I am not talking about peasants, for whom the great thing throughout the centuries of Chinese domination, warring kingdoms, and French colonialism had always been to discern who (in the immediate vicinity) had the "Mandate of Heaven"—i.e., the actual power to recruit their sons and confiscate their rice—but about their city cousins, especially those who had a modicum of education and the prestige that goes with it in Confucian society.
The vast majority of these, including the minority who were or who had been tempted by the NLF, were anti-Communist and anxious to keep Hanoi at arm's length.
"Kaplan-oi,"
I heard them saying. "Is this possible? Are you Americans for real?" And I used to hold imaginary conversations with them, lucidly explaining that the political and military mistakes we had made, appalling as they were, only increased our obligation to set things right; that the American people continued to believe that world peace was threatened if the Communists were allowed to believe that they could extend their empire by military force; and that, as a great power, we could not in any event afford to let the South Vietnamese down, lest we come to be considered more dangerous to our friends than to our enemies.
In fact, however, this subject of our ultimate interest practically never came up, perhaps because it was too important. These people had a way that comes back to me now of tiptoeing around a fateful issue with a sort of superstitious tact. Most, it seemed to me, had simply given up trying to understand. They believed in our commitment, if and when they did, for no rational reason at all: because it was the only alternative to despair. But to carry on they constantly needed reassurance. And in this respect, alas, the
manner
of our withdrawal was the final disaster.
Secrecy is a normal and necessary mode of diplomacy, but in this case it was counterindicated, as a diplomat might put it, because it played precisely into Hanoi's hands. Quite apart from the unsettling effect it had on the South Vietnamese, it was inevitable that the secrecy of the negotiations leading to the Paris Accords would discourage public interest in the United States—especially after the agreement in principle was signed and the haggling about details began. If there was any chance of committing this country to the responsibilities implicit in the Paris Accords—the culmination, after all, of an enormous national effort—it was in using the presidential pulpit to the utmost and insisting that Congress and the media be informed of the entire process, all along the way.

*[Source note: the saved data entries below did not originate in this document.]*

Lemma sem_dexprDZ a u v e x :
  sem (dexpr (a *: u + v) e) x = a * sem (dexpr u e) x + sem (dexpr v e) x.
Proof.
elim: e => /= [c|b|A|e1 IH1 e2 IH2|e1 IH1 e2 IH2|m e1 IH|e1 IH].
- by rewrite mulr0 addr0.
- by rewrite -!trace_mx11 mulmxDl -scalemxAl mxtraceD mxtraceZ.
- rewrite -!trace_mx11 linearD linearZ /= !mulmxDr -!scalemxAr.
  by rewrite mxtraceD mxtraceZ.
- by rewrite IH1 IH2; ring.
- by rewrite IH1 IH2; ring.
- by rewrite IH; ring.
- by rewrite IH; ring.
Qed.

Lemma is_derive_sem e : denoms_nonzero e ->
  forall x v, is_derive x v (sem e) (sem (dexpr v e) x).
Proof.
elim: e => /= [c|b|A|e1 IH1 e2 IH2|e1 IH1 e2 IH2|m e1 IH|e1 IH] wf_e x v.
- exact: is_derive_cst.
- apply: (@is_derive_quadratic_along _ _ _ _ _ _ 0) => h.
  by rewrite -!trace_mx11 mulmxDl -scalemxAl mxtraceD mxtraceZ mulr0 addr0 addrC.
- exact: (is_derive_quadratic_along (fun h => qform_along A x v h)).
- have := is_deriveD (IH1 wf_e.1 x v) (IH2 wf_e.2 x v); by rewrite addrfctE.
- have := is_deriveM (IH1 wf_e.1 x v) (IH2 wf_e.2 x v); rewrite mulrfctE => H.
  by apply: is_derive_eq; rewrite /GRing.scale /=; ring.
- have := is_derive_comp (is_derive_expinv m (sem e1 x)) (IH wf_e x v) => H.
  by apply: is_derive_eq; ring.
- have := is_derive_comp (is_derive_inv (wf_e.1 x)) (IH wf_e.2 x v) => H.
  by apply: is_derive_eq; field; exact: wf_e.1.
Qed.


Lemma continuous_sem (e : expr) : denoms_nonzero e -> continuous (sem e).
Proof.
have cont_mulmx m (B : 'M[R]_(n, m)) j : continuous (fun x : V => (x *m B) 0 j).
  have -> : (fun x : V => (x *m B) 0 j) = (fun x => \sum_k x 0 k * B k j).
    by apply/funext => x; rewrite mxE.
  apply: continuous_sum => k x.
  by apply: continuousM; [exact: coord_continuous|exact: cst_continuous].
elim: e => /= [c|b|A|e1 IH1 e2 IH2|e1 IH1 e2 IH2|m e1 IH|e1 IH] wf_e.
- exact: cst_continuous.
- exact: cont_mulmx.
- have -> : (fun x : V => (x *m A *m x^T) 0 0) = (fun x => \sum_j (x *m A) 0 j * x 0 j).
    by apply/funext => x; rewrite mxE; apply: eq_bigr => j _; rewrite [x^T _ _]mxE.
  by apply: continuous_sum => j x; apply: continuousM; [exact: cont_mulmx|exact: coord_continuous].
- by move=> x; apply: continuousD; [exact: IH1 wf_e.1 x|exact: IH2 wf_e.2 x].
- by move=> x; apply: continuousM; [exact: IH1 wf_e.1 x|exact: IH2 wf_e.2 x].
- by move=> x; apply: continuous_comp; [exact: IH wf_e x|exact: continuous_expinv].
- by move=> x; apply: continuousV; [exact: wf_e.1|exact: IH wf_e.2 x].
Qed.

Lemma sem_dexpr2DZ (e : expr) a u v w x : denoms_nonzero e ->
  sem (dexpr u (dexpr (a *: v + w) e)) x =
  a * sem (dexpr u (dexpr v e)) x + sem (dexpr u (dexpr w e)) x.
Proof.
move=> wf_e; have d1 v' := is_derive_sem (denoms_nonzero_dexpr v' wf_e) x u.
rewrite -(@derive_val _ _ _ _ _ _ _ (d1 (a *: v + w))).
have -> : sem (dexpr (a *: v + w) e) = a \*: sem (dexpr v e) + sem (dexpr w e).
  by apply/funext => y; rewrite sem_dexprDZ.
by rewrite (@derive_val _ _ _ _ _ _ _ (is_deriveD (is_deriveZ a (d1 v)) (d1 w))).
Qed.

Fixpoint dexprs (s : seq 'I_n) (e : expr) : expr :=
  if s is i :: s' then dexpr (ebasis i) (dexprs s' e) else e.

Lemma denoms_nonzero_dexprs s e : denoms_nonzero e -> denoms_nonzero (dexprs s e).
Proof. by move=> wf_e; elim: s => //= i s IH; exact: denoms_nonzero_dexpr. Qed.

Lemma pderivs_sem e s : denoms_nonzero e -> pderivs (sem e) s = sem (dexprs s e).
Proof.
move=> wf_e; elim: s => //= i s IH; apply/funext => x; rewrite IH.
exact: (@derive_val _ _ _ _ _ _ _ (is_derive_sem (denoms_nonzero_dexprs s wf_e) x _)).
Qed.

Lemma smooth_sem e : denoms_nonzero e -> @smooth R n (sem e).
Proof.
move=> wf_e s; rewrite pderivs_sem //.
split; first exact: continuous_sem (denoms_nonzero_dexprs s wf_e).
by move=> i x; exact: (@ex_derive _ _ _ _ _ _ _ (is_derive_sem (denoms_nonzero_dexprs s wf_e) x _)).
Qed.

This is easier to say than it would have been to do, given Hanoi's opposition and Nixon's impatience. And no one could foresee in 1969, when Kissinger first slipped into Paris for a rendezvous with Le Duc Tho, what would happen to the Nixon presidency at the beginning of his second term. Yet, to stand the Clausewitzian formula on its head, the peace could only be "a continuation of the war by other means." An agreement with the Communists,
any
agreement with the Communists, would have to be enforced. And this meant that the country had to be prepared for a continuing effort, insignificant in comparison with what we had been doing, but irksome; and, as in South Korea, with no end in sight.
To be sure, the mills of Watergate were now grinding, and it was late in the day to commit this country to anything in Southeast Asia, after ten years of a war conducted so incoherently, beyond the stand-off implied in Nixon's formula: an honorable peace. There was no public clamor to know what Kissinger was up to in Paris. It was as if Congress, the press, and the academic world from which he had so surprisingly come were relieved to let him rid them of this tiresome business at last.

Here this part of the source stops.